A few questions regarding the second approach:

  • step 7: Itt has to be done for each project individually? (Like we have ~300 projects, and there’s no way to do it for all at once for example?)
  • if the new CryoSparc on the new server is operated with a new licence, is step “8” needed? (for example, if instead of moving the 300 projects, we decide to move only the “active” ones, and leave the “non-active” ones on the old server)?
  • step 11: this is assuming the queueing system is similar on the new vs old server right?
  • steps 12-13: Do you think the cryosparc admin should attach all projects, then assign them to users, or each user attach their own project? (like, what’s the best way to make sure each project is re-assigned to the proper user)
  • out of curiosity, it looks like projects cannot be attached to a new CryoSPARC installation if they haven’t been detached from another one beforehand. Why is there such a lock? I can imagine cases where you want to share work without having it to disappear from your own installation

Thanks - Best,
Nicolas

Re step 7: You may detach multiple projects using a python script like:

import os
import sys
from cryosparc_compute.client import CommandClient
from cryosparc_compute import database_management

db = database_management.get_pymongo_client('meteor')['meteor']
cli = CommandClient(os.getenv('CRYOSPARC_MASTER_HOSTNAME'), int(os.getenv('CRYOSPARC_COMMAND_CORE_PORT')))

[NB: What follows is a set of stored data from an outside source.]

(* The supremum [m] of the window times still lies in the window, so [T(m)]
   witnesses [D_next_le], with [D_j(m) = D_j(tau)]. *)
Lemma D_next_le_no_jump w j : W w -> j \in J ->
  ~ (next_jump tau w <= t /\ T_le_u (next_jump tau w) w) ->
  D_next_le j (Dn j (tau w) w) w.
Proof.
move=> Ww jJ nojump; have [taut Ttau] := tau_good Ww; have /andP[tau0 _] := taut.
have [taun _ _] := next_jumpP taut.
pose A := [set s | 0 <= s <= t /\ window tau W s w].
have Atau : A (tau w) by split=> //; apply/(windowP Ww taut).
have supA : has_sup A by split; [exists (tau w)|exists t => s [/andP[]]].
set m := sup A; have Am s : A s -> s <= m by move=> As; exact: sup_upper_bound.
have mt : m <= t by apply: ge_sup; [exists (tau w)|move=> s [/andP[]]].
have m0 : 0 <= m := le_trans tau0 (Am _ Atau).
have Tm : T_le_u m w.
  move=> j' j'J; apply: (sup_le_of_lip (g := fun x => T j' x w) supA) => e Ae.
    by case: Ae => est /(windowP Ww est)[_]; apply.
  by case: (Ae) => /andP[e0 _] _; exact: (T_lip w j'J e0 (Am _ Ae)).
have mn : m < next_jump tau w.
  rewrite ltNge; apply/negP => nm; apply: nojump; split; first exact: le_trans nm mt.
  move=> j' j'J; apply: le_trans (Tm j' j'J); apply: T_mono nm => //.
  exact: le_trans tau0 (ltW taun).
have mrange : 0 <= m <= t by rewrite m0 mt.
have [[_ Dm] _] : window tau W m w by apply/(windowP Ww mrange).
have Tu : 0 <= T j m w <= uJ j by rewrite T_ge0 // Tm.
have [q [Tq Sq]] := right_const_clamp Tu (S_right_const w jJ (T_ge0 w jJ m0)).
exists q; split.
  move=> q' wq'; have q'm := Am _ (conj (clamp_range q' t_ge0) wq').
  by apply: le_trans Tq; apply: T_mono q'm => //; exact: clamp_ge0.
rewrite Sq; change (Dn j m w <= Dn j (tau w) w)%N.
by rewrite (Dvec_eqE jJ (Dm m (Am _ Atau) (lexx m))).
Qed.

Let jumped := [set w | exists j, j \in J /\ ~ D_next_le j (Dn j (tau w) w) w].

Lemma W_nextE : W_next = jumped `&` W.
Proof.
apply/seteqP; split=> [w Wnw|w [[j [jJ nD]] Ww]]; last first.
  by split=> //; apply: contrapT => nWn; exact: nD (D_next_le_no_jump Ww jJ nWn).
have [Ww [nt _]] := Wnw; split=> //; have taut := tau_range Ww.
have [taun _ jump] := next_jumpP taut; have /andP[tau0 _] := taut.
have [j jJ Dj] := Dvec_neqP (jump nt); exists j; split=> // /(D_next_leP _ Wnw jJ) Dle.
by apply: Dj; apply/eqP; rewrite eqn_leq Dle (Dn_mono w jJ tau0 (ltW taun)).
Qed.

Lemma Gu_W_next : Gu W_next.
Proof.
rewrite W_nextE; change (GuW jumped); apply: (sigma_exists_in GuW_sigma) => j jJ.
apply: (sigma_setC GuW_sigma).
have -> : (fun w => D_next_le j (Dn j (tau w) w) w) =
    [set w | exists n, Dn j (tau w) w = n /\ D_next_le j n w].
  by apply/seteqP; split=> w /= => [|[n [-> //]]]; exists (Dn j (tau w) w).
apply: (sigma_exists GuW_sigma) => n; apply: (sigma_setI GuW_sigma).
  exact: Gu_D_tau.
exact: Gu_D_next_le.
Qed.

Let GuWn := [set E | Gu (E `&` W_next)].

Let GuWn_sigma : sigma_algebra setT GuWn.
Proof. exact: (sigma_algebra_trace Gu_sigma Gu_W_next). Qed.

Let GuW_GuWn E : GuW E -> GuWn E.
Proof.
move=> GE; change (Gu (E `&` W_next)); have -> : E `&` W_next = (E `&` W) `&` W_next.
  by apply/seteqP; split=> w [Ew Wnw]; split=> //; [split=> //; case: Wnw|case: Ew].
exact: (sigma_setI Gu_sigma GE Gu_W_next).
Qed.

Lemma Gu_D_next j n : j \in J -> Gu ([set w | Dn j (next_jump tau w) w = n] `&` W_next).
Proof.
move=> jJ; have -> : [set w | Dn j (next_jump tau w) w = n] `&` W_next =
    [set w | D_next_le j n w /\ forall m, (m < n)%N -> ~ D_next_le j m w] `&` W_next.
  apply/setI_eqP => w Wnw /=; have DP := D_next_leP _ Wnw jJ.
  split=> [<-|[/DP le lt]].
    by split=> [|m mlt /DP]; [exact/DP|rewrite leqNgt mlt].
  apply/eqP; rewrite eqn_leq le /= leqNgt; apply/negP => ltn.
  exact: (lt _ ltn ((DP _).2 (leqnn _))).
change (GuWn [set w | D_next_le j n w /\ forall m, (m < n)%N -> ~ D_next_le j m w]).
apply: (sigma_setI GuWn_sigma); first by apply: GuW_GuWn; exact: Gu_D_next_le.
apply: (sigma_forall GuWn_sigma) => m; apply: (sigma_imply GuWn_sigma).
  exact: sigma_cst.
by apply: (sigma_setC GuWn_sigma); apply: GuW_GuWn; exact: Gu_D_next_le.
Qed.

Lemma Gu_stopped_next s1 s2 (B : set ((I -> nat) * (I * K -> nat))) :
  0 <= s1 <= t -> 0 <= s2 <= t ->
  Gu ((fun w => (Avec s1 w, Dvec (Num.min s2 (next_jump tau w)) w)) @^-1` B `&` W_next).
Proof.
move=> s1t s2t; set P := _ @^-1` B; set win := window tau W s2.
pose P1 := (fun w => (Avec s1 w, Dvec (Num.min s2 (tau w)) w)) @^-1` B.
pose P2 := [set w | B (Avec s1 w, Dvec (next_jump tau w) w)].
have -> : P `&` W_next = (P1 `&` win `|` P2 `&` ~` win) `&` W_next.
  apply/setI_eqP => w Wnw; have [win_w|nwin_w] := pselect (win w).
    have s2n := (W_next_windowP Wnw s2t).1 win_w.
    rewrite /P /= (min_l (ltW s2n)) -(Dvec_min_D_const win_w.1.2 (lexx s2)).
    by split=> [BP|[[]//|[_ /(_ win_w)[]]]]; left.
  have ns2 : next_jump tau w <= s2.
    by rewrite leNgt; apply/negP => /(W_next_windowP Wnw s2t).
  by rewrite /P /= (min_r ns2); split=> [BP|[[_ /nwin_w[]]|[]//]]; right.
change (GuWn (P1 `&` win `|` P2 `&` ~` win)).
have Gwin : GuWn win by apply: GuW_GuWn; apply: GuW_Gu; exact: (Gu_stage_window s2t).1.
apply: (sigma_setU GuWn_sigma); apply: (sigma_setI GuWn_sigma) => //.
- apply: GuW_GuWn; apply: F_stopped_Gu; apply: sub_sigma_algebra; left; left.
  by exists s1, s2, B.
- apply: (sigma_nat_families GuWn_sigma (a := fun i w => Avec s1 w i)
    (b := fun j w => Dvec (next_jump tau w) w j)) => [i n|j n].
    by apply: GuW_GuWn; apply: GuW_Gu; exact: (Gu_Avec [set f | f i = n]).
  by apply: (sigma_Dvec_level GuWn_sigma (s := next_jump tau)) => jJ; exact: Gu_D_next.
- exact: (sigma_setC GuWn_sigma Gwin).
Qed.
(* A coloring of G is read as rows of colors, row r holding the colors of
   v_{r,1}, v_{r,2}, v_{r,3}, plus the color w of v.  All edges have three
   vertices, so an edge is properly colored iff it sees exactly two colors.
   The link edges between rows r and r+1 are so restrictive that three
   consecutive two-colored rows satisfy row (r+2) = row r, while after a
   monochromatic row all later two-colored rows avoid its color.  As 2k+1 is
   odd, either row 2k+1 equals row 1, or row 1 is monochromatic and row 2k+1
   avoids its color; in both cases the five edges through v cannot all see
   two colors.  Conversely G minus any single edge is colored explicitly:
   rows alternate between a 0/1 row and its complement, switching pattern at
   a removed link edge, and for a removed triangle that row is made
   monochromatic.  Since every vertex lies on an edge, a proper
   subhypergraph misses an edge. *)

Definition two_colored (a b c : nat) : bool := 1 < size (undup [:: a; b; c]) < 3.

Lemma two_coloredP a b c :
  reflect ((a = b /\ b <> c) \/ (b = c /\ a <> b) \/ (a = c /\ a <> b)) (two_colored a b c).
Proof.
rewrite /two_colored /= !inE.
case: (eqVneq a b) => [->|hab]; case: (eqVneq b c) => [->|hbc]; rewrite ?eqxx /=;
  try case: (eqVneq a c) => [?|hac]; subst; rewrite ?eqxx ?inE /=; constructor; try lia.
Qed.

Lemma not_two_coloredP a b c :
  ~~ two_colored a b c -> (a = b /\ b = c) \/ (a <> b /\ b <> c /\ a <> c).
Proof. move/two_coloredP; lia. Qed.

Ltac case_two_colored := repeat match goal with H : is_true (two_colored _ _ _) |- _ =>
  case/two_coloredP: H => [[? ?]|[[? ?]|[? ?]]]; subst; try congruence end.

(** * Rows of a coloring *)

Definition row := (nat * nat * nat)%type.

Definition entry (x : row) (j : nat) : nat :=
  match j with 0 => x.1.1 | 1 => x.1.2 | _ => x.2 end.

Definition mono (c : nat) : row := (c, c, c).

Definition two_colored_row (x : row) : bool := two_colored (entry x 0) (entry x 1) (entry x 2).

Definition link_edge_ok (x y : row) (j t : nat) : bool :=
  two_colored (entry y j) (entry x j) (entry x ((j + t.+1) %% 3)).

Definition linked (x y : row) : bool :=
  all (fun j => all (link_edge_ok x y j) (iota 0 2)) (iota 0 3).

Lemma linkedP x y :
  reflect (forall j t, j < 3 -> t < 2 -> link_edge_ok x y j t) (linked x y).
Proof.
apply: (iffP allP) => [h j t hj ht | h j].
  by apply/(allP (h j _)); rewrite mem_iota; lia.
rewrite mem_iota => hj; apply/allP => t; rewrite mem_iota => ht; apply: h; lia.
Qed.

Definition avoids (c : nat) (x : row) : Prop :=
  [/\ entry x 0 <> c, entry x 1 <> c & entry x 2 <> c].

Definition cap_ok (w : nat) (y : row) (i : nat) : bool := two_colored w (entry y i) (entry y i.+1).

Definition spoke_ok (w : nat) (x y : row) (j : nat) : bool := two_colored w (entry x j) (entry y j).

Definition apex_ok (w : nat) (x y : row) : bool :=
  [&& cap_ok w y 0, cap_ok w y 1, spoke_ok w x y 0, spoke_ok w x y 1 & spoke_ok w x y 2].

Lemma linked_two_colored_return x y z :
  two_colored_row x -> two_colored_row y -> two_colored_row z ->
  linked x y -> linked y z -> z = x.
Proof.
case: x => [[x0 x1] x2]; case: y => [[y0 y1] y2]; case: z => [[z0 z1] z2].
rewrite /two_colored_row /linked /link_edge_ok /= !andbT.
move=> ? ? ? /and3P [/andP [? ?] /andP [? ?] /andP [? ?]]
  /and3P [/andP [? ?] /andP [? ?] /andP [? ?]].
case_two_colored; congruence.
Qed.

Lemma linked_from_monochrome x y :
  ~~ two_colored_row x -> two_colored_row y -> linked x y ->
  x = mono (entry x 0) /\ avoids (entry x 0) y.
Proof.
case: x => [[x0 x1] x2]; case: y => [[y0 y1] y2].
rewrite /two_colored_row /linked /link_edge_ok /avoids /= !andbT.
move=> /not_two_coloredP [[? ?]|[? [? ?]]] ? /and3P [/andP [? ?] /andP [? ?] /andP [? ?]];
  by subst; case_two_colored; split=> //; split; congruence.
Qed.

Lemma linked_avoids c y z :
  two_colored_row y -> two_colored_row z -> avoids c y -> linked y z -> avoids c z.
Proof.
case: y => [[y0 y1] y2]; case: z => [[z0 z1] z2].
rewrite /two_colored_row /linked /link_edge_ok /avoids /= !andbT.
move=> ? ? [? ? ?] /and3P [/andP [? ?] /andP [? ?] /andP [? ?]].
case_two_colored; split; congruence.
Qed.

Lemma apex_not_ok_same_row w x : two_colored_row x -> ~~ apex_ok w x x.
Proof.
case: x => [[x0 x1] x2]; rewrite /two_colored_row /apex_ok /cap_ok /spoke_ok /=.
by move=> ?; apply/negP => /and5P [? ? ? ? ?]; case_two_colored.
Qed.

Lemma apex_not_ok_from_monochrome w c y :
  two_colored_row y -> avoids c y -> ~~ apex_ok w (mono c) y.
Proof.
case: y => [[y0 y1] y2]; rewrite /two_colored_row /avoids /apex_ok /cap_ok /spoke_ok /=.
by move=> ? [? ? ?]; apply/negP => /and5P [? ? ? ? ?]; case_two_colored.
Qed.

(** * Uncolorability *)

Section Ladder.
Variables (n : nat) (rows : nat -> row).
Hypothesis rows_two_colored : forall i, 2 <= i <= n -> two_colored_row (rows i).
Hypothesis rows_linked : forall q, 1 <= q < n -> linked (rows q) (rows q.+1).

Lemma ladder_odd_rows_return :
  two_colored_row (rows 1) -> forall p, p.*2.+1 <= n -> rows p.*2.+1 = rows 1.
Proof.
move=> tc1; elim=> [//|p IHp] hp.
have {}IHp : rows p.*2.+1 = rows 1 by apply: IHp; lia.
rewrite -IHp; apply: (@linked_two_colored_return _ (rows p.*2.+2)).
- by rewrite IHp.
- by apply: rows_two_colored; lia.
- by rewrite doubleS; apply: rows_two_colored; lia.
- by apply: rows_linked; lia.
- by rewrite doubleS; apply: rows_linked; lia.
Qed.

Lemma ladder_avoids_first_color :
  avoids (entry (rows 1) 0) (rows 2) -> forall i, 2 <= i <= n -> avoids (entry (rows 1) 0) (rows i).
Proof.
move=> av2; elim=> [//|i IHi] hi.
have [->|i_gt1] := eqVneq i 1; first exact: av2.
apply: (linked_avoids _ _ (IHi _)); try lia.
- by apply: rows_two_colored; lia.
- by apply: rows_two_colored; lia.
- by apply: rows_linked; lia.
Qed.

End Ladder.

(* The edges of G for n = 2k+1 rows; row indices are 1-based and column
   indices 0-based: [Tri i] is {v_{i,1},v_{i,2},v_{i,3}}, [Link q j t] is
   {v_{q+1,j+1}, v_{q,j+1}, v_{q,j+t+2}}, [Cap i] is {v, v_{n,i+1}, v_{n,i+2}}
   and [Spoke j] is {v, v_{1,j+1}, v_{n,j+1}}. *)
Inductive edge_code := Tri of nat | Link of nat & nat & nat | Cap of nat | Spoke of nat.

Definition valid_code (n : nat) (c : edge_code) : bool :=
  match c with
  | Tri i => 2 <= i <= n
  | Link q j t => [&& 1 <= q < n, j < 3 & t < 2]
  | Cap i => i < 2
  | Spoke j => j < 3
  end.

Definition code_ok (n : nat) (rows : nat -> row) (w : nat) (c : edge_code) : bool :=
  match c with
  | Tri i => two_colored_row (rows i)
  | Link q j t => link_edge_ok (rows q) (rows q.+1) j t
  | Cap i => cap_ok w (rows n) i
  | Spoke j => spoke_ok w (rows 1) (rows n) j
  end.

Lemma ladder_uncolorable n rows w :
  odd n -> 3 <= n -> ~ (forall c, valid_code n c -> code_ok n rows w c).
Proof.
move=> odd_n n_ge3 ok.
have tri i : 2 <= i <= n -> two_colored_row (rows i) by move=> hi; exact: (ok (Tri i)).
have link q : 1 <= q < n -> linked (rows q) (rows q.+1).
  by move=> hq; apply/linkedP => j t hj ht; apply: (ok (Link q j t)); rewrite /= hq hj ht.
have apex : apex_ok w (rows 1) (rows n).
  by apply/and5P; split; [apply: (ok (Cap 0)) | apply: (ok (Cap 1)) | apply: (ok (Spoke 0))
                         | apply: (ok (Spoke 1)) | apply: (ok (Spoke 2))].
have [tc1 | ntc1] := boolP (two_colored_row (rows 1)).
  have n_half : n./2.*2.+1 = n by rewrite -[RHS]odd_double_half odd_n addnC addn1.
  have rows_n : rows n = rows 1.
    by rewrite -n_half; apply: (ladder_odd_rows_return tri link tc1); rewrite n_half.
  by move: apex; rewrite rows_n; apply/negP/apex_not_ok_same_row.
have tri2 : two_colored_row (rows 2) by apply: tri; lia.
have link1 : linked (rows 1) (rows 2) by apply: link; lia.
have tri_n : two_colored_row (rows n) by apply: tri; lia.
have [row1 av2] := linked_from_monochrome ntc1 tri2 link1.
have av_n : avoids (entry (rows 1) 0) (rows n).
  by apply: (ladder_avoids_first_color tri link av2); lia.
by move: apex; rewrite row1; apply/negP/apex_not_ok_from_monochrome.
Qed.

active_projects = [p['uid'] for p in db.projects.find({'$and': [{'archived': False}, {'deleted': False}, {'detached': False}]})]

for p in active_projects:
    should_continue = input(f"enter 'y' to detach project {p}: ")
    if should_continue.strip() == 'y':
        cli.detach_project(p)
        print(f"Detached project {p}")
    else:
        sys.exit("Detachment of projects aborted")

Suppose you saved the script to a file detach_active_projects.py, you would run it like:

cryosparcm call python /full/path/to detach_active_projects.py

Caution: one should run this script only if one fully understands and agrees with what it does.

You do not need to disable the old instance as long as

  1. the new instance has a unique license id.
  2. there is a clear understanding that a given project directory must only be attached one specific instance at any given time.
  3. old and new instances have their respective separate databases.

Re step 11: Reference to old worker connection information is optional. You may alternatively redesign your worker configuration completely, based on circumstances.

Re steps 12-13: It may be more straightforward to have individual users attach their own projects after they have logged in to the GUI.

A project directory must only be attached to one particular instance at a time, cs.lock is intended to enforce this restriction. Simultaneous attachment to multiple instances, for example after defeating the cs.lock mechanism, can corrupt the project directory and the databases of the CryoSPARC instances involved.